HOW TO COMPLETE THIS TASK: Look through the records, and whenever a line includes the word "Arguments", copy it.

SUPPLIED DATA:
=-=-=

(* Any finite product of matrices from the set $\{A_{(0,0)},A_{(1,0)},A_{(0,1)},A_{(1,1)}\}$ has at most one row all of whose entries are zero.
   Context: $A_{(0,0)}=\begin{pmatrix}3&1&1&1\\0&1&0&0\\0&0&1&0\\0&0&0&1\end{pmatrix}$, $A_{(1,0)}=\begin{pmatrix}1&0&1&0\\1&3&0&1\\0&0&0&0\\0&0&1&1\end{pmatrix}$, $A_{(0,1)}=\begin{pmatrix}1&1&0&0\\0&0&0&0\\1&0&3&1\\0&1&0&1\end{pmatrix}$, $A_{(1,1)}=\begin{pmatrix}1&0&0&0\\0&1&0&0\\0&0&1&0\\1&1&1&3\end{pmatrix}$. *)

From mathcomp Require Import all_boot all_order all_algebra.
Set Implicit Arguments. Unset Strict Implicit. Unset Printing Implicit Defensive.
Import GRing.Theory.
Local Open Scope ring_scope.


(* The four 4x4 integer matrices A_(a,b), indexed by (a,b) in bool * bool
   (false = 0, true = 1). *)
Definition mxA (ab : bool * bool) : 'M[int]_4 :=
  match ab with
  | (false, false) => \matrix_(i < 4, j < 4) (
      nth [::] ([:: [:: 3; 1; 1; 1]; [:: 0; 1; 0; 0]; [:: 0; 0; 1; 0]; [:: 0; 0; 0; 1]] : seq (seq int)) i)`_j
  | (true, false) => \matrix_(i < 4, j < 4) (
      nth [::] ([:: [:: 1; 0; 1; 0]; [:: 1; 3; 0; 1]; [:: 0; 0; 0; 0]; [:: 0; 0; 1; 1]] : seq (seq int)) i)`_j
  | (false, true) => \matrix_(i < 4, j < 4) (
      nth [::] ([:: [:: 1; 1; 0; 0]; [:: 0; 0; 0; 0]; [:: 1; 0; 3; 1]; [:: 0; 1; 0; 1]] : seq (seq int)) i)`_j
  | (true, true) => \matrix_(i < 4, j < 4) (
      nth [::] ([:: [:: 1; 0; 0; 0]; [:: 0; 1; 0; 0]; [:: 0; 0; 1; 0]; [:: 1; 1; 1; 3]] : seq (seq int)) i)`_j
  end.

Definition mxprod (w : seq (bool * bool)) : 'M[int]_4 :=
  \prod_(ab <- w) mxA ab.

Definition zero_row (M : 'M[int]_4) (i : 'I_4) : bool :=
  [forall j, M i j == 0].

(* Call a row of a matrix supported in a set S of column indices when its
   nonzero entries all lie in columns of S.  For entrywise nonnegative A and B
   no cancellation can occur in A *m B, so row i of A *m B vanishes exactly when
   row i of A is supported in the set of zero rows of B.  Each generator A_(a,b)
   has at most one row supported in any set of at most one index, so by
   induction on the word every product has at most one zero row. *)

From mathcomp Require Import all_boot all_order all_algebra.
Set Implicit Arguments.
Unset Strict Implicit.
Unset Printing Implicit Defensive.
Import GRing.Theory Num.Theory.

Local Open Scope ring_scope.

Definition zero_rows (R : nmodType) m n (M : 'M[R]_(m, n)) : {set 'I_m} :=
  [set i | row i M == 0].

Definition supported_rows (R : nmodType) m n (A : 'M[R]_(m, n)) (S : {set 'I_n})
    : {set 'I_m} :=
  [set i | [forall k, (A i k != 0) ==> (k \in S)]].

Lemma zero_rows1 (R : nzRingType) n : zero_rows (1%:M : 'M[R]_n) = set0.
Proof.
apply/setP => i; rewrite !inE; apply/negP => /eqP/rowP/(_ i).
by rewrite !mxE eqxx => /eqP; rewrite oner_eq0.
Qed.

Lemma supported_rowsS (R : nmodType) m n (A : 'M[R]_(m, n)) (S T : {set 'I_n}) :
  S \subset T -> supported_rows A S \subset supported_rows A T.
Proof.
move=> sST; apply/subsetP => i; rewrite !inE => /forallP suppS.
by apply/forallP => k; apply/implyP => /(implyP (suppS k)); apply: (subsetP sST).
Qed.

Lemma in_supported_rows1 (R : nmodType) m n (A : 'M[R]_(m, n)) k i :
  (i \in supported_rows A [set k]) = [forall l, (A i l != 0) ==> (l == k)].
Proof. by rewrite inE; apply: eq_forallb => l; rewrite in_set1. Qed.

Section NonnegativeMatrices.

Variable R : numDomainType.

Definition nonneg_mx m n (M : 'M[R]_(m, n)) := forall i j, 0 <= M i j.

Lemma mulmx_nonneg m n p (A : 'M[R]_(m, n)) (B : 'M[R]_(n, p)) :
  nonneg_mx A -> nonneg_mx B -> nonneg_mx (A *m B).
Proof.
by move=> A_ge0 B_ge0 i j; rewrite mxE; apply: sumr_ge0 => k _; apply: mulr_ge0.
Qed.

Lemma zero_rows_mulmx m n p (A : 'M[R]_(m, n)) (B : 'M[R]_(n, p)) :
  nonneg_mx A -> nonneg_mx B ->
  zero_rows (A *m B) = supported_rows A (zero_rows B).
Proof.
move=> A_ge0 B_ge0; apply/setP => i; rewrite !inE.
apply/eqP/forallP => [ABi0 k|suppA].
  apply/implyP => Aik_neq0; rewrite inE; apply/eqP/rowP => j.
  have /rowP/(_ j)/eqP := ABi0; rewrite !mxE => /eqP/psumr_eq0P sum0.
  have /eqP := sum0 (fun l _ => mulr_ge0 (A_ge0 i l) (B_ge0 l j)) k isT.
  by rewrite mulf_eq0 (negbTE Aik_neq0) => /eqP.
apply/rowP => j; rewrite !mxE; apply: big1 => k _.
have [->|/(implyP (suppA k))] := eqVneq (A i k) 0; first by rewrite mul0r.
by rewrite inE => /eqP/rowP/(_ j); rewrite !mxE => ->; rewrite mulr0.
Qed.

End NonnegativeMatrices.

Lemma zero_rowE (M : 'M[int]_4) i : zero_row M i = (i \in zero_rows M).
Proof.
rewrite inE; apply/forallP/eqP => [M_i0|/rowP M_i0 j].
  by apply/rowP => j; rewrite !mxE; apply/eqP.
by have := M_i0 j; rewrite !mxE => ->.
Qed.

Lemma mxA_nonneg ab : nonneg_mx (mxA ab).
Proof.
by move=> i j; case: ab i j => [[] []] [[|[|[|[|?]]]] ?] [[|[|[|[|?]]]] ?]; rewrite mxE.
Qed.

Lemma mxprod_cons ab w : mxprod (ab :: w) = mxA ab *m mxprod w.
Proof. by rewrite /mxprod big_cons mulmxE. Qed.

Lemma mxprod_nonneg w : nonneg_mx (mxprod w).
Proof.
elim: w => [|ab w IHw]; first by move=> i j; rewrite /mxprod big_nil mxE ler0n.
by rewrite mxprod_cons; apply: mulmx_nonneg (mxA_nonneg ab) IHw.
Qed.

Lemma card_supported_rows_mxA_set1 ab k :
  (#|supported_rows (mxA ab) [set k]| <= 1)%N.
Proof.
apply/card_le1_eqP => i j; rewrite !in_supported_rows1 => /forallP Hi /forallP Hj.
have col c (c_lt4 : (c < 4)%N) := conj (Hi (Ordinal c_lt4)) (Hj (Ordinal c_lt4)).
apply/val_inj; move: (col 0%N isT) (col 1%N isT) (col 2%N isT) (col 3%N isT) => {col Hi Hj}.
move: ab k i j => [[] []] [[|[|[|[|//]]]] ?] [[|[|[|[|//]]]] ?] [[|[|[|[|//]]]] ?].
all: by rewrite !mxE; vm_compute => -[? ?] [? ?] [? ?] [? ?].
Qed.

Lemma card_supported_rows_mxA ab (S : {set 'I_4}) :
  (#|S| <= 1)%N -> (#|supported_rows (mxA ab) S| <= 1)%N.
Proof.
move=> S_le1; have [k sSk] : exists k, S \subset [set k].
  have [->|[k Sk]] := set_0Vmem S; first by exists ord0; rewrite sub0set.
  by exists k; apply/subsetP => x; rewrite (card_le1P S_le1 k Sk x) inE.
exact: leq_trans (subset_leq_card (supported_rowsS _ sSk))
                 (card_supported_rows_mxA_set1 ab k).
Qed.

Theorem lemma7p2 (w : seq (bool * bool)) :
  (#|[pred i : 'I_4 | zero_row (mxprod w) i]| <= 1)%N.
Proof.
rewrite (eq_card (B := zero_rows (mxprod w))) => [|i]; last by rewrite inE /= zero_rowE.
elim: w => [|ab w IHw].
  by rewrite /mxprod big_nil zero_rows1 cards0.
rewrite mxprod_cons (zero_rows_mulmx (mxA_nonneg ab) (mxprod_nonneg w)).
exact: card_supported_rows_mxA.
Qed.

=-=-=

WRITTEN SOLUTION:
Set Implicit Arguments. Unset Strict Implicit. Unset Printing Implicit Defensive.
Set Implicit Arguments.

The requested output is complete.